Note: rundock can only be used to run docking and scoring procedures with a single protein and ligand structure. If multiple protein or/and ligand structures need to be used, the prepvs command can be used to create folders for each protein-ligand pair (see the above section prepvs).

The rundock configuration file should be a .ini file (https://en.wikipedia.org/wiki/INI_file), i.e., the file should be split in sections, each section name appearing on a line by itself, in square brackets ("[" and "]"). Each section contains a certain number of keys which refer to specific options used; all keys after the section declaration are associated with that section. Finally, every key should have a name (option name) and a value (option value), delimited by an equals sign (=).

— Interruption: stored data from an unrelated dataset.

Lemma adj_inv x y : adj x y -> exists l, y = x + ebasis l \/ y = x - ebasis l.
Proof.
move=> /eqP /sum_sqr_eq1 [l [fl rest]]; exists l.
have entry i : y i 0 = x i 0 - (x i 0 - y i 0) by rewrite opprB addrC subrK.
case: fl => fl; [right|left]; apply/matrixP => i c; rewrite (ord1 c) !mxE entry.
all: by case: (eqVneq i l) => [->|il]; rewrite ?fl ?rest ?subr0 ?addr0 //= ?opprK.
Qed.

End Adjacency.

Inductive reach n (S : 'cV[int]_n -> Prop) : 'cV[int]_n -> Prop :=
| reach0 : reach S 0
| reachS x y : reach S x -> S y -> adj x y -> reach S y.

Section Connectedness.
Variables (n : nat) (k : 'I_n) (w : seq 'I_n).

Lemma reach_in (S : 'cV[int]_n -> Prop) x : S 0 -> reach S x -> S x.
Proof. by move=> S0; case. Qed.

(* A path in B_w is mapped by F_k to a path in B_{kw}, after inserting the detour
   through F_k x + e_k at each step in a direction other than e_k. *)
Lemma reach_shear b : reach (Bset w) b -> reach (Bset (k :: w)) (shear k *m b).
Proof.
elim=> [|x y reach_x IH By adj_xy]; first by rewrite mulmx0; apply: reach0.
have Bx := reach_in (Bset_zero w) reach_x.
have reach_aff : reach (Bset (k :: w)) (shear k *m x + ebasis k).
  exact: reachS IH (Bset_cons_aff k Bx) (adj_add _ _).
case: (adj_inv adj_xy) => l [] ey; subst y; have [eq_lk | lk] := eqVneq l k; try subst l.
- apply: reachS IH (Bset_cons_lin k By) _.
  by rewrite mulmxDr shear_ek; apply: adj_add.
- have reach_l : reach (Bset (k :: w)) (shear k *m x + ebasis l).
    apply: reachS IH _ (adj_add _ _).
    have -> : shear k *m x + ebasis l = shear k *m (x + ebasis l) + ebasis k by shear_eq.
    exact: Bset_cons_aff.
  apply: reachS reach_l (Bset_cons_lin k By) _.
  have -> : shear k *m (x + ebasis l) = shear k *m x + ebasis l - ebasis k by shear_eq.
  exact: adj_sub.
- apply: reachS IH (Bset_cons_lin k By) _.
  by rewrite mulmxBr shear_ek; apply: adj_sub.
- apply: reachS reach_aff (Bset_cons_lin k By) _.
  have -> : shear k *m (x - ebasis l) = shear k *m x + ebasis k - ebasis l by shear_eq.
  exact: adj_sub.
Qed.

End Connectedness.

Lemma Bset_reach n (w : seq 'I_n) b : Bset w b -> reach (Bset w) b.
Proof.
elim: w b => [|k w IH] b; first by move=> ->; apply: reach0.
case/Bset_cons=> b' [/IH reach_b' [->|->]]; first exact: reach_shear.
exact: reachS (reach_shear k reach_b') (Bset_cons_aff k (reach_in (Bset_zero w) reach_b'))
  (adj_add _ _).
Qed.

Lemma Comp0_eq n (X S : 'cV[int]_n -> Prop) :
  S 0 -> (forall x, S x -> X x) -> (forall x, S x -> reach S x) ->
  (forall x z, S x -> adj x z -> X z -> S z) ->
  forall x, S x <-> Comp0 X x.
Proof.
move=> S0 SX S_reach S_closed x; split.
  move=> /S_reach; elim=> [|y z _ [p [X0 Xp path_p last_p]] Sz adj_yz].
    by exists [::]; split=> //; apply: SX.
  exists (rcons p z); split=> //; last by rewrite last_rcons.
    by move=> u; rewrite mem_rcons in_cons => /orP[/eqP ->|/Xp]; [apply: SX|].
  by rewrite rcons_path path_p last_p.
move=> [p [_ Xp path_p <-]]; elim: p 0 S0 path_p Xp => [|z p IH] y Sy //=.
move=> /andP[adj_yz path_p] Xp.
have Sz : S z by apply: S_closed Sy adj_yz (Xp z (mem_head z p)).
by apply: IH Sz path_p _ => u up; apply: Xp; rewrite in_cons up orbT.
Qed.

Lemma Bset_Comp0 n (v : seq 'I_n) (j : 'I_n) (X : 'cV[int]_n -> Prop) :
  (forall x, cone v x -> cone v (corner v j - x) -> X x) ->
  (forall z, z <> corner v j -> cone v (z - corner v j) -> ~ X z) ->
  (forall z, z <> 0 -> cone v (- z) -> ~ X z) ->
  forall x, Bset v x <-> Comp0 X x.
Proof.
move=> X_box not_above not_below; apply: Comp0_eq (Bset_zero v) _ (@Bset_reach n v) _.
  by move=> x Bx; apply: X_box (Bset_cone Bx) (Bset_below_corner j Bx).
move=> x z Bx /adj_inv [l [] ->] Xz; apply: NNPP => out.
  apply: (not_above _ _ (Bset_exit_up j Bx out) Xz) => eq_z.
  by apply: out; rewrite eq_z; apply: Bset_corner.
have cone_z : cone v (- (x - ebasis l)) by rewrite opprB; apply: Bset_exit_down.
apply: (not_below _ _ cone_z Xz) => eq_z.
by apply: out; rewrite eq_z; apply: Bset_zero.
Qed.

Lemma corner_rcons n (w : seq 'I_n) (j : 'I_n) : corner (rcons w j) j = avec w j.
Proof. by rewrite /corner avec_rcons dvec_rcons eqxx addrK. Qed.

Section MainTheorem.
Variables (n : nat) (w : seq 'I_n) (j : 'I_n) (s : 'S_n).
Hypothesis s_j_last : (s j : nat) = n.-1.

(* First claim: B_w is the 0-component of L°(a^j_w) minus L°(0); here
   a^j_w = C + δ_j, so its box lies strictly below a^j_w. *)
Lemma Bset_Comp0_open x :
  Bset w x <-> Comp0 (setminus (Loset (avec w j) (Mmat w) s) (Loset 0 (Mmat w) s)) x.
Proof.
have a_corner : avec w j = corner w j + dvec w j by rewrite subrK.
apply: (Bset_Comp0 (j := j)) => [y cone_y cone_Cy | z zC cone_zC | z z0 cone_z];
  rewrite /setminus !Loset_lex_pos sub0r.
- split; last exact/(cone_rcons_not_neg s_j_last)/cone_rcons.
  rewrite a_corner addrAC.
  apply: (cone_rcons_add_pos s_j_last (cone_rcons j cone_Cy)).
  exact: lex_pos_dvec_last.
- case=> pos_az _; have zC0 : z - corner w j <> 0 by move/eqP; rewrite subr_eq0 => /eqP.
  apply: (cone_rcons_not_neg s_j_last (cone_rcons_sub j cone_zC zC0)).
  have -> : - (z - corner w j - dvec w j) = avec w j - z by rewrite a_corner; zmod_eq.
  exact: pos_az.
- case=> _; apply; case: (cone_rcons_lex_pos s_j_last (cone_rcons j cone_z)) => //.
  by move/eqP; rewrite oppr_eq0 => /eqP.
Qed.

(* Second claim: B_{w*j} is the 0-component of L(a^j_w) minus L°(0); here the
   corner of B_{w*j} is a^j_w itself and all nonzero elements of cone (w*j) are
   positive. *)
Lemma Bset_Comp0_closed x :
  Bset (rcons w j) x <->
  Comp0 (setminus (Lset (avec w j) (Mmat w) s) (Loset 0 (Mmat w) s)) x.
Proof.
have nonneg v : cone (rcons w j) v -> v = 0 \/ lex_pos (Mmat w) s v.
  exact: cone_rcons_lex_pos.
apply: (Bset_Comp0 (j := j)) => [y cone_y cone_ay | z za cone_za | z z0 cone_z];
  rewrite /setminus (Lset_lex_pos _ _ _ (@Mmat_inj n w)) Loset_lex_pos sub0r.
- rewrite corner_rcons in cone_ay; split; last exact (cone_rcons_not_neg s_j_last cone_y).
  case: (nonneg _ cone_ay) => [/eqP|]; last by right.
  by rewrite subr_eq0 => /eqP ->; left.
- rewrite corner_rcons in za cone_za.
  case: (nonneg _ cone_za) => [/eqP|pos_za]; first by rewrite subr_eq0 => /eqP.
  by case=> -[//|/lex_posN]; rewrite opprB.
- case=> _; apply; case: (nonneg _ cone_z) => //.
  by move/eqP; rewrite oppr_eq0 => /eqP.
Qed.

End MainTheorem.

Below is an example of configuration file used to dock on two binding sites and rescore with DrugScoreX (dsx), Autodock and Autodock Vina.

[DOCKING]
site = site1, site2
program = autodock, vina, dock, glide
rescoring = yes
minimize = yes
cleanup = yes

[RESCORING]
program = dsx, autodock, vina

[DSX]
pot_dir = /pmshare/jordane/CSD_potentials/DSX_CSD_Potentials_v0511/csd_pot_0511/
other_flags = -T0 1.0 -T1 1.0 -T3 1.0 -j

[AUTODOCK]
ga_run = 20
spacing = 0.4

[VINA]
num_modes = 20

[DOCK]
nposes = 20

[GLIDE]
poses_per_lig = 20

[SITE1]
center = 75.5, 80.0, 31.0
boxsize = 40.0, 40.0, 40.0

[SITE2]
center = 75.5, 40.0, 50.0
boxsize = 40.0, 40.0, 40.0

General sections

  • The DOCKING section includes the software that should be used for docking, and if minimization, rescoring and/or cleanup should be performed. The docking software should be specified with coma separation through the key programs. The keys relative to the DOCKING section are:

    • programs: specifies the software which are used for docking (autodock, dock6, glide, gold, moe and/or vina). Options relative to each program (or instance) are specfied within the section of the same name. For example, if autodock is in the list of programs, options associated with autodock should be specified in the AUTODOCK section. In case the same software needs to be used multiple times, numbering can be appended to the name of the program (e.g., in the first example below, multiple runs of MOE are performed using different scoring methods: moe, moe1, moe2).

    • minimization: performs minimization on the generated poses (yes or no).

    • rescoring: performs rescoring on the generated poses (yes or no). I strongly recommend to enable minimization in case rescoring is done. This will avoid a lot clashes, especially when the software used for rescoring are different from those used for docking. If the rescoring option is enabled, a section RESCORING should be created that contains all the options relative to that step (see below).

    • cleanup: specifies if big intermediate files should be removed (yes or no).

    • site: specifies the labels for the binding sites in case multiple binding sites are considered (site1, site2,...). See the example configuration to dock on multiple binding site, minimize and rescore the poses with multiple software.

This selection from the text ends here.